* _Exercise brief_
The word "forall" occurs in some lines of the data. Return each such line.
Top of Provided material
Lemma comono_hom_sym_lovasz_rep :
  comono_modular I f /\ oddly_homogeneous I (shift0 f) ->
  exists phi : R -> R, nondecr_on I phi /\ odd_on I phi /\ phi 1 = 1 /\
    forall x, in_In I x -> f x = sym_lovasz f (fun i => phi (x i)).
Proof.
move=> [f_mod [phi [phi_nd [phi_odd f_hom]]]].
have f_rep := comono_modular_sym_lovasz I_opp I0 f_mod phi_nd phi_odd f_hom.
exists phi; do !split => //.
have [A /eqP fA] := sym_lovasz_rep_nondegenerate f_rep.
by apply: (mulIf fA); rewrite mul1r -f_hom // mul1_fun.
Qed.

Lemma sym_lovasz_rep_quasi_lovasz :
  (exists phi : R -> R, nondecr_on I phi /\ odd_on I phi /\ phi 1 = 1 /\
    forall x, in_In I x -> f x = sym_lovasz f (fun i => phi (x i))) ->
  sym_quasi_lovasz I f /\ exists A, shift0 f (ind R A) <> 0.
Proof.
move=> [phi [phi_nd [phi_odd [_ f_rep]]]]; split; first by exists f, phi.
exact: sym_lovasz_rep_nondegenerate f_rep.
Qed.

End Equivalences.

Theorem theorem18 (R : realFieldType) (n : nat) (I : R -> Prop)
  (f : ('I_n -> R) -> R)
  (HI : is_interval I) (HIc : centered0 I) (HI1 : contains_m11 I)
  (Hnc : nonconst_on (fun x => I x /\ 0 <= x) f \/
         nonconst_on (fun x => I x /\ x <= 0) f) :
  ((sym_quasi_lovasz I f /\ exists A : {set 'I_n}, shift0 f (ind R A) <> 0)
     <-> (comono_modular I f /\ oddly_homogeneous I (shift0 f)))
  /\
  ((comono_modular I f /\ oddly_homogeneous I (shift0 f))
     <-> (exists phi : R -> R, nondecr_on I phi /\ odd_on I phi /\ phi 1 = 1 /\
           forall x, in_In I x -> f x = sym_lovasz f (fun i => phi (x i)))).
Proof.
have f_nonconst : nonconst_on I f by case: Hnc; apply: nonconst_on_sub => x [].
have i_ii := sym_quasi_lovasz_comono_hom (f := f) HI1.
have ii_iii := comono_hom_sym_lovasz_rep HIc HI1 f_nonconst.
have iii_i := sym_lovasz_rep_quasi_lovasz f_nonconst.
by split; [split=> [/i_ii | /ii_iii/iii_i] | split=> [/ii_iii | /iii_i/i_ii]].
Qed.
Bottom of Provided material
* _Result for this exercise_
    forall x, in_In I x -> f x = sym_lovasz f (fun i => phi (x i)).
    forall x, in_In I x -> f x = sym_lovasz f (fun i => phi (x i))) ->
           forall x, in_In I x -> f x = sym_lovasz f (fun i => phi (x i)))).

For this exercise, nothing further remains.